Lifestyle & Arts

Puzzle of a thriving Ndebele tribe in Buhera explained

By Norma Tsopo

BUHERA – The existence of a thriving Ndebele community deep among the Shona has been vexing observers for decades.

Chief Gwebu-Fish

Chief Gwebu-Fish’s thriving Ndebele’s community’s presence hundreds of kilometres from Matebeleland has been a puzzle

Sitting comfortably in Buhera and holding on to their language and culture after almost a century Chief Gwebu-Fish’s tribe has been the subject of many theories – often misinformed by a history of tribal wars that were ragging before colonialism.

They thus are often viewed as a remnant of a pillaging regiment that either got greedy or decided against returning with its loot or repented and decided against going back after their infamous raids of the Shona.

Neither is true.

Their story shows the beauty of Zimbabweans’ acceptance and tolerance of each other as a people.

These came as fellow peace-loving countryman in need of space away from incessant disruptions of their lives by white settlers in 1927 from Isigodini, says Chief Gwebu-Fish.

The Chief is the 8th since they were allocated their small portion of land by Chief Makumbe.

“We came here from near Isigodini town where we were constantly being disturbed by white settler activities and we decided to move as far away as possible from them ending up here in Manicaland.

“We were welcomed by Chief Makumbe who gave us the land we currently have,” he said.

He however said some groups of his people went on to settle under other chiefs across Buhera with a significant community under Chief Chimombe in Mlandeni.

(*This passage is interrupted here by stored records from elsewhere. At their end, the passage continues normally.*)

(* Let ${\mathbb E}$, ${\mathbb W}$ be finite-dimensional Euclidean spaces, ${\mathcal A}:{\mathbb E}\to{\mathbb W}$ linear, $L={\mathcal A}^*({\mathbb W})\subseteq{\mathbb E}$, $\mathcal{K}\subseteq{\mathbb E}$ a convex cone and $C\in{\mathbb E}$, and suppose ${\mathcal F}=\{Z\in\mathcal{K}: Z=C-{\mathcal A}^*y \text{ for some } y\in{\mathbb W}\}\ne\emptyset$. Let $P$ denote the orthogonal projection of ${\mathbb E}$ onto $L^\perp$ (so that $P(\mathcal{K})$ is the quotient cone $\mathcal{K}/L$ and $P(C)$ represents $C/L$). Then the singularity degree of the system ${\mathcal F}$ over $\mathcal{K}$ equals the singularity degree of $\operatorname{face}(P(C),P(\mathcal{K}))$ over $P(\mathcal{K})$. Moreover, if ${\mathcal M}:{\mathbb E}\to{\mathbb F}$ is a surjective linear map with $\operatorname{Null}({\mathcal M})=L$ and $b={\mathcal M}(C)$, then ${\mathcal M}$ induces an isomorphism of the cones $\mathcal{K}/L$ and ${\mathcal M}(\mathcal{K})$, and this singularity degree also equals the singularity degree of the system $\{X\in\mathcal{K}:{\mathcal M}(X)=b\}$.
   Context: Singularity degree of a system $\{X\in\mathcal{K}:{\mathcal M}(X)=b\}$: the minimum number $k$ of facial reduction steps ${\mathcal F}_0=\mathcal{K}$, ${\mathcal F}_{i+1}={\mathcal F}_i\cap({\mathcal M}^*v_i)^\perp$ with ${\mathcal M}^*v_i\in{\mathcal F}_i^*\setminus{\mathcal F}_i^\perp$, $\langle v_i,b\rangle=0$, reaching the smallest face of $\mathcal{K}$ containing the feasible set. For the nullspace-form system $\{Z\in\mathcal{K}:Z\in C+L\}$ the steps use exposing vectors $W_i\in{\mathcal F}_i^*\setminus{\mathcal F}_i^\perp$ with $W_i\in L^\perp$ and $\langle W_i,C\rangle=0$, reaching the smallest face of $\mathcal{K}$ containing the feasible set. Singularity degree of a face $G_t$ of a cone $G$: minimum number $d$ of steps $G_0=G$, $G_{i+1}=G_i\cap d_i^\perp$, $d_i\in G_i^*\setminus G_i^\perp$, $d_i\perp G_t$, with $G_d=G_t$. $\operatorname{face}(x,G)$ is the smallest face of $G$ containing $x$. *)

(* Euclidean spaces E, W, F are modelled as row-vector spaces
   'rV[R]_n with the standard inner product (every finite-dimensional Euclidean
   space is isometric to such a space); linear maps are matrices acting on the
   right (x |-> x *m A), adjoints are given by the transpose. *)
From HB Require Import structures.
From mathcomp Require Import all_boot all_order all_algebra.
From mathcomp Require Import reals.
Set Implicit Arguments. Unset Strict Implicit. Unset Printing Implicit Defensive.
Import Order.TTheory GRing.Theory Num.Theory.
Local Open Scope ring_scope.

Section FR.
Variable R : realType.

Definition dot (n : nat) (x y : 'rV[R]_n) : R := \sum_(i < n) x ord0 i * y ord0 i.

Definition seteq (n : nat) (S T : 'rV[R]_n -> Prop) : Prop := forall x, S x <-> T x.

Definition subset_of (n : nat) (S T : 'rV[R]_n -> Prop) : Prop := forall x, S x -> T x.

Definition img (n p : nat) (f : 'rV[R]_n -> 'rV[R]_p) (S : 'rV[R]_n -> Prop)
  : 'rV[R]_p -> Prop := fun y => exists x, S x /\ y = f x.

Definition convex_cone (n : nat) (K : 'rV[R]_n -> Prop) : Prop :=
  K 0 /\ (forall x y, K x -> K y -> K (x + y)) /\
  (forall (t : R) x, 0 <= t -> K x -> K (t *: x)).

Definition is_face (n : nat) (K F : 'rV[R]_n -> Prop) : Prop :=
  subset_of F K /\ convex_cone F /\
  (forall x y, K x -> K y -> F (x + y) -> F x /\ F y).

Definition min_face (n : nat) (K S : 'rV[R]_n -> Prop) : 'rV[R]_n -> Prop :=
  fun x => K x /\ forall F, is_face K F -> subset_of S F -> F x.

Definition face_pt (n : nat) (x : 'rV[R]_n) (K : 'rV[R]_n -> Prop) :=
  min_face K (fun y => y = x).

Definition dual (n : nat) (K : 'rV[R]_n -> Prop) : 'rV[R]_n -> Prop :=
  fun y => forall x, K x -> 0 <= dot y x.
Definition perp (n : nat) (K : 'rV[R]_n -> Prop) : 'rV[R]_n -> Prop :=
  fun y => forall x, K x -> dot y x = 0.

Definition cut (n : nat) (K : 'rV[R]_n -> Prop) (w : 'rV[R]_n) : 'rV[R]_n -> Prop :=
  fun x => K x /\ dot w x = 0.

(* The steps are given by parameters v_i in some
   space 'rV_p; the exposing vector is g v_i, and ok v_i is the side condition
   (e.g. <v_i, b> = 0). *)
Fixpoint fr_valid (n p : nat) (g : 'rV[R]_p -> 'rV[R]_n) (ok : 'rV[R]_p -> Prop)
  (K : 'rV[R]_n -> Prop) (vs : seq 'rV[R]_p) : Prop :=
  match vs with
  | [::] => True
  | v :: vs' => dual K (g v) /\ ~ perp K (g v) /\ ok v /\
                fr_valid g ok (cut K (g v)) vs'
  end.

Fixpoint fr_last (n p : nat) (g : 'rV[R]_p -> 'rV[R]_n)
  (K : 'rV[R]_n -> Prop) (vs : seq 'rV[R]_p) : 'rV[R]_n -> Prop :=
  match vs with
  | [::] => K
  | v :: vs' => fr_last g (cut K (g v)) vs'
  end.

Definition is_sing_deg (n p : nat) (g : 'rV[R]_p -> 'rV[R]_n) (ok : 'rV[R]_p -> Prop)
  (K target : 'rV[R]_n -> Prop) (d : nat) : Prop :=
  (exists vs, size vs = d /\ fr_valid g ok K vs /\ seteq (fr_last g K vs) target) /\
  (forall vs, fr_valid g ok K vs -> seteq (fr_last g K vs) target -> (d <= size vs)%N).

Settled in swampy soils Chief Gwebu-Fish said they chose these as they were similar to the land they had back in Isigodini and this perhaps limited conflict with locals who had no use for the watery plains.

“We chose swampy areas which locals didn’t want. We knew the soils were rich because of our experience working them back in Isigodini,” he said adding that he they were equipped with specialised ploughs and cultivators and would “have up to 12 cattle drawing the plough” – a monstrosity among locals even to date.

Buhera’s infamous drought induced hunger is not as common place here as for the rest of the district, the Ndebele chief says adding that they often would experience hunger due to too much rainfall instead.

“Our area is not as bad as the rest of the district but on occasion we fail to have fair harvests because of too much rainfall as with last year,” he said.

“While others move in soon after a down pour it can take us up to 3 weeks to move into the fields,” Chief Gwebu-Fish said adding though that the area has good water retention.

Confined only to one ward just off the Murambinda-Chivhu highway Ndebele’s are the predominant population in four of the six villages under him, he told maDzimbahwe Explorer.

The middle-aged Chief said while he never learnt Ndebele in school they have managed to hang onto their language and culture as it is the language they use in the home.

“We used Ndebele in the home but learnt Shona at school. I personally never learnt my language in school but l can speak, read and write it,” he said.

However this has changed of late as Ndebele has now been introduced at Gwebu primary school.

And they remain a symbol of success and hope for any people who are intent on preserving their language and culture even against all odds.

 

1 reply »

  1. A nation with out an identity is just as good as a dead one. We salute chief Gwebu for having to uphold the ndebele culture for decades. Further research should be done on how they have managed to preserve cultural norms and values.